Josh turned back to the screen where another news report was being told of a house fire. Then he turned back to Andy.
"Aren't you afraid of being caught?"
"Should I be?" She finished the beer then stood for another. "You really are poor entertainment."
"You need psychological help, Andy."
"Tried," she said, turning slightly. "But… I guess I can't bring myself to care about people enough to change."
She pulled out a bottle of Port and popped open the lid. She leaned against the counter and continued her consumption of alcohol.
"How long did you see this psychologist?"
"A day."
"A day?! Andy, a day isn't enough to…."
"Shut up. You whine too much."
"Then leave. No one is keeping you here."
"Neither of us will leave this room until the game is over. Besides, you fail to remember the prize you get if you are the one still alive in 4 ½ hours." She lifted her skirt, taunting him with the pouch once more.
"Why are you so set on giving me the pouch?"
"I'm not. I could care less if you ever got the information it contains, but until one of us is dead, my job here is incomplete."
"Then why take the time to play the game?"
"Because I find it amusing all the ways men try to spend their dying hours. Some pleaded for an antidote, while bribing me with money. Others used my body so they could enjoy their final screw. But you Josh…. You're as bad as the kids. Crying and pouting when they don't receive what they want. Some even screech like they are being flayed on the rack…. Hmmm, now there's an idea…." She drank more Port then looked back at Josh.
"If you were expecting a reaction similar to what you may have had in the past then you have forgotten much about me."

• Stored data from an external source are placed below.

Lemma lyap_step_left k z : 0 < z < 1 / 2 -> lyap (S k) (T z) <= dT z * lyap k z.
Proof.
  intros Hz. unfold lyap. rewrite S_INR.
  assert (Hk := pos_INR k). assert (HK := lyapK_ge_1). assert (Hg := gam_gt_1).
  assert (Htau := tau_Tmap_left z Hz). assert (Htau0 := tau_pos (T z)).
  assert (Hh := hw_Tmap_left z Hz).
  assert (Hh0 : 0 < hw (T z)) by (apply hw_pos; rewrite Tmap_left by lra;
    assert (0 < tw z) by apply tw_pos; unfold tw in *; nra).
  assert (Hpow : Rpower (INR k + 1 + lyapK + tau (T z)) gam
                 <= Rpower (INR k + lyapK + tau z) gam) by (apply Rle_Rpower_l; lra).
  assert (0 < Rpower (INR k + lyapK + tau z) gam) by apply Rpower_pos.
  apply Rle_trans with (Rpower (INR k + lyapK + tau z) gam * (dT z * hw z)).
  - apply Rmult_le_compat; [left; apply Rpower_pos | lra | exact Hpow | exact Hh].
  - right. ring.
Qed.

Lemma dT_right_Tmap z : 1 / 2 < z -> dT z = 2 * bt * Rpower (T z) (1 - 1 / bt).
Proof.
  intros Hz. rewrite dT_right, Tmap_right, Rpower_mult by lra.
  replace (bt * (1 - 1 / bt)) with (bt - 1) by (field; lra). reflexivity.
Qed.

Lemma hw_ge_quarter z : 1 / 2 < z -> 1 / 4 <= hw z.
Proof.
  intros Hz. unfold hw.
  assert (Ht : 1 < tw z).
  { unfold tw. rewrite <- (Rpower_O (2 * z)) at 1 by lra. apply Rpower_lt; lra. }
  apply (Rmult_le_reg_r (1 + tw z)); [lra|].
  replace (z * tw z / (1 + tw z) * (1 + tw z)) with (z * tw z) by (field; lra).
  nra.
Qed.
(* Let $M\ge1$, $N\ge0$, let $\{m\}=(m_0,\dots,m_{M-1})$ with $\sum m_k=N+1$ and $\{n\}=(n_0,\dots,n_{M-1})$ with $\sum n_k=N$ be tuples of nonnegative integers with associated partitions $\mu$ ($N+1$ parts) and $\lambda$ ($N$ parts). For nonzero $v\in\mathbb{C}$ with $v^{-2}\neq\beta$, put $z=(v^{-2}-\beta)^{-1}$. Then $$\langle\{m\}|(v^{-1}-\beta v)^{1-M}\mathcal{B}(v)|\{n\}\rangle=G_{\mu/\lambda}(z;\beta),\qquad \langle\{n\}|(v^{-1}-\beta v)^{1-M}\mathcal{C}(v)|\{m\}\rangle=G_{\mu^\vee/\lambda^\vee}(z;\beta),$$ where $\lambda^\vee_j=M-1-\lambda_{N+1-j}$ ($1\le j\le N$) and $\mu^\vee_j=M-1-\mu_{N+2-j}$ ($1\le j\le N+1$).
   Context: Non-Hermitian phase model: $\beta\in\mathbb{C}$ is a parameter. $\mathcal{F}$ is the bosonic Fock space with orthonormal basis $|n\rangle$, $n=0,1,2,\dots$; $\phi|n\rangle=|n-1\rangle$ ($\phi|0\rangle=0$), $\phi^\dagger|n\rangle=|n+1\rangle$, $\pi|n\rangle=\delta_{n,0}|n\rangle$. Sites are labelled $0,\dots,M-1$ with Fock spaces $\mathcal{F}_0,\dots,\mathcal{F}_{M-1}$; $\phi_j,\phi_j^\dagger,\pi_j$ act on $\mathcal{F}_j$. With $W_a=\mathbb{C}^2$, basis $|0\rangle_a,|1\rangle_a$, the $L$-operator on $W_a\otimes\mathcal{F}_j$ is $$\mathcal{L}_{aj}(v)=|0\rangle\langle0|_a\otimes(v^{-1}-\beta v\pi_j)+|0\rangle\langle1|_a\otimes\phi_j^\dagger+|1\rangle\langle0|_a\otimes\phi_j+|1\rangle\langle1|_a\otimes v,$$ i.e. the $2\times2$ matrix $\begin{pmatrix}v^{-1}-\beta v\pi_j&\phi_j^\dagger\\ \phi_j&v\end{pmatrix}$. The monodromy matrix is $\mathcal{T}_a(v)=\mathcal{L}_{a,M-1}(v)\cdots\mathcal{L}_{a,0}(v)=\begin{pmatrix}\mathcal{A}(v)&\mathcal{B}(v)\\ \mathcal{C}(v)&\mathcal{D}(v)\end{pmatrix}$, so $\mathcal{B}(v)={}_a\langle0|\mathcal{T}_a(v)|1\rangle_a$, $\mathcal{C}(v)={}_a\langle1|\mathcal{T}_a(v)|0\rangle_a$. For $\{n\}=(n_0,\dots,n_{M-1})$, $|\{n\}\rangle=\otimes_{j=0}^{M-1}|n_j\rangle_j$ and $\langle\{n\}|$ its dual. The partition associated with $\{n\}$ (with $\sum n_k=N$) is the weakly decreasing length-$N$ sequence $\lambda=((M-1)^{n_{M-1}},\dots,1^{n_1},0^{n_0})$. For $\mu$ with $N+1$ entries and $\lambda$ with $N$ entries, $|\lambda|=\sum\lambda_j$ and $G_{\mu/\lambda}(z;\beta)=z^{|\mu|-|\lambda|}\prod_{j=1}^N(1+\beta z-\beta z\,\delta_{\mu_{j+1},\lambda_j})$ if $\mu_j\ge\lambda_j\ge\mu_{j+1}$ for all $1\le j\le N$, and $0$ otherwise. *)

(* The parameter field C stands for the complex numbers
   (any numClosedFieldType, e.g. algC). *)
From HB Require Import structures.
From mathcomp Require Import all_boot all_order all_algebra.
Set Implicit Arguments. Unset Strict Implicit. Unset Printing Implicit Defensive.
Import Order.TTheory GRing.Theory Num.Theory.
Local Open Scope ring_scope.

(* Matrix element  <k| L_{ab}(v) |l>  of the L-operator on one site, as a
   2x2 matrix in the auxiliary index (a,b) in {0,1}:
     L_00 = v^{-1} - beta v pi,  L_01 = phi^dag,  L_10 = phi,  L_11 = v. *)
Definition Lmat (C : fieldType) (beta v : C) (k l : nat) : 'M[C]_2 :=
  \matrix_(a < 2, b < 2)
    match val a, val b with
    | 0%N, 0%N => (v^-1 - beta * v * (l == 0%N)%:R) * (k == l)%:R
    | 0%N, _ => (k == l.+1)%:R               (* phi^dag |l> = |l+1> *)
    | _, 0%N => (k.+1 == l)%:R               (* phi |l> = |l-1>, phi|0> = 0 *)
    | _, _ => v * (k == l)%:R
    end.

(* <{k}| T_a(v) |{l}> as a 2x2 matrix in the auxiliary space, where
   T_a(v) = L_{a,M-1}(v) ... L_{a,0}(v); since L_{aj} acts on site j only,
   the Fock matrix element factorises site by site. *)
Definition monodromy (C : fieldType) (M : nat) (beta v : C)
  (k l : 'I_M -> nat) : 'M[C]_2 :=
  \prod_(i < M) Lmat beta v (k (rev_ord i)) (l (rev_ord i)).

(* <{m}| B(v) |{n}> = <0|_a T |1>_a  and  <{n}| C(v) |{m}> = <1|_a T |0>_a *)
Definition Bel (C : fieldType) (M : nat) (beta v : C) (m n : 'I_M -> nat) : C :=
  monodromy beta v m n 0 1.
Definition Cel (C : fieldType) (M : nat) (beta v : C) (n m : 'I_M -> nat) : C :=
  monodromy beta v n m 1 0.

Definition partition_of (M : nat) (n : 'I_M -> nat) : seq nat :=
  flatten [seq nseq (n i) (val i) | i <- rev (enum 'I_M)].

Definition dual_part (M : nat) (s : seq nat) : seq nat :=
  [seq (M - 1 - x)%N | x <- rev s].

(* G_{mu/lambda}(z;beta), with 0-based indices: mu_j = nth 0 mu j, j < N = size la. *)
Definition G_skew (C : fieldType) (mu la : seq nat) (z beta : C) : C :=
  if [forall j : 'I_(size la),
        (nth 0 mu j >= nth 0 la j)%N && (nth 0 la j >= nth 0 mu j.+1)%N]
  then z ^+ (sumn mu - sumn la) *
       \prod_(j < size la)
          (1 + beta * z - beta * z * (nth 0 mu j.+1 == nth 0 la j)%:R)
  else 0.

From HB Require Import structures.
From mathcomp Require Import all_boot all_order all_algebra.
From mathcomp Require Import zify ring.
Set Implicit Arguments. Unset Strict Implicit. Unset Printing Implicit Defensive.
Import Order.TTheory GRing.Theory Num.Theory.
Local Open Scope ring_scope.

(* Peel off the last site: T_(M+1) = L_M T_M, so the second column of the
   monodromy, whose entries are B(v) and D(v), obeys a two-term recursion.
   Up to powers of c = v^-1 - beta v, B is the skew weight of mu/la and D that
   of (M :: mu)/la.  Splitting off the top block of parts equal to M (p of them
   in mu, q in la), interlacing leaves only p = q (a B-term, weight 1 or
   1 + beta z) and p = q + 1 (a D-term), and the L-entries v^-1 - beta v [q = 0],
   1, 1, v supply exactly these factors since v = c z and v^-1 = c (1 + beta z).
   The C-statement is the B-statement for the transposed monodromy, which
   reverses the sites and hence dualises the partitions. *)

Section SkewWeight.
Variables (C : fieldType) (beta z : C).

Fixpoint skew_weight (mu la : seq nat) : C :=
  if la is y :: la' then
    ((y <= nth 0 mu 0)%N && (nth 0 mu 1 <= y)%N)%:R *
    (1 + beta * z - beta * z * (nth 0 mu 1 == y)%:R) * skew_weight (behead mu) la'
  else 1.

Lemma forall_ordS n (P : 'I_n.+1 -> bool) :
  [forall j, P j] = P ord0 && [forall j : 'I_n, P (lift ord0 j)].
Proof.
apply/forallP/andP => [P_all | [P0 /forallP P_lift] j].
  by split; [exact: P_all | apply/forallP => j; exact: P_all].
by case: (unliftP ord0 j) => [j'|] ->.
Qed.

Lemma skew_weightE mu la : skew_weight mu la =
  if [forall j : 'I_(size la),
        (nth 0 mu j >= nth 0 la j)%N && (nth 0 la j >= nth 0 mu j.+1)%N]
  then \prod_(j < size la)
          (1 + beta * z - beta * z * (nth 0 mu j.+1 == nth 0 la j)%:R)
  else 0.
Proof.
elim: la mu => [|y la IH] mu /=.
  by rewrite big_ord0; case: ifP => // /negbT/forallPn[[]].
rewrite forall_ordS big_ord_recl /=.
have bump0 j : bump 0 j = j.+1 by rewrite /bump add1n.
under eq_forallb => j do
  rewrite bump0 add0n -[nth 0 mu j.+1]nth_behead -[nth 0 mu j.+2]nth_behead.
under eq_bigr => j _ do rewrite bump0 add0n -[nth 0 mu j.+2]nth_behead.
rewrite IH; case: (_ && _); last by rewrite !mul0r.
by case: ifP; rewrite ?mul1r ?mulr0.
Qed.

Lemma skew_weight_sumn mu la : skew_weight mu la != 0 -> (sumn la <= sumn mu)%N.
Proof.
elim: la mu => [|y la IH] mu //=.
case: andP => [[y_le _]|]; last by rewrite !mul0r eqxx.
rewrite mul1r mulf_eq0 negb_or => /andP[_ /IH].
by case: mu y_le => [|x mu] /=; lia.
Qed.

"Oh, I haven't forgotten. But the wimp I'm playing with tonight is not the thing I have learned much about over the years. Nor the thing I've watched from the shadows these last few months."
"So, we are at an impasse."
"Whatever. I'm just waiting for the game results."
Andy swayed back to the couch and sat hard on the floor between the couch and the coffee table. She set the bottle of Port next to her elbow and stared mindlessly at the screen.
Sighing loudly, Josh went back to the bed and sat. The beer bottle Andy had opened for him scrapped across the nightstand as he lifted it to his lips. The liquid sloshed a little as he drank more. The room remained silent save for the drone of the TV announcers. Soon Josh lay down. He rested, but didn't really sleep. He turned when he heard a groan.
"Andy?" Josh asked.
She didn't respond.
He got up and approached the couch. She was lying on the floor with Port and vomit on the floor in front of her.
"Andy!" Josh pulled the couch back.
She slowly rolled to her back as he knelt beside her. "Game over," she whispered, pressing the pouch into his hand. "You win."
"No. Stay with me Andy." He picked up the phone in the room to dial 9-1-1, but the phone was dead.
Andy didn't move from where she lay on the floor—her chest only rising a little with each breath. She coughed up some stuff before her chest refused to rise again.
Josh slowly set the phone back in its cradle, before putting the pouch into his pocket. He gathered his things finding the battery for his cell under the nightstand and plugging it back in to report her intrusion. Then he waited until the local police arrived with emergency crews to remove her body. The last twelve hours just didn't seem real, and yet they had to have been since he had a hangover from consuming the alcohol. He gave his report, leaving out most of what really happened, before checking out early and spending the rest of his vacation time at home.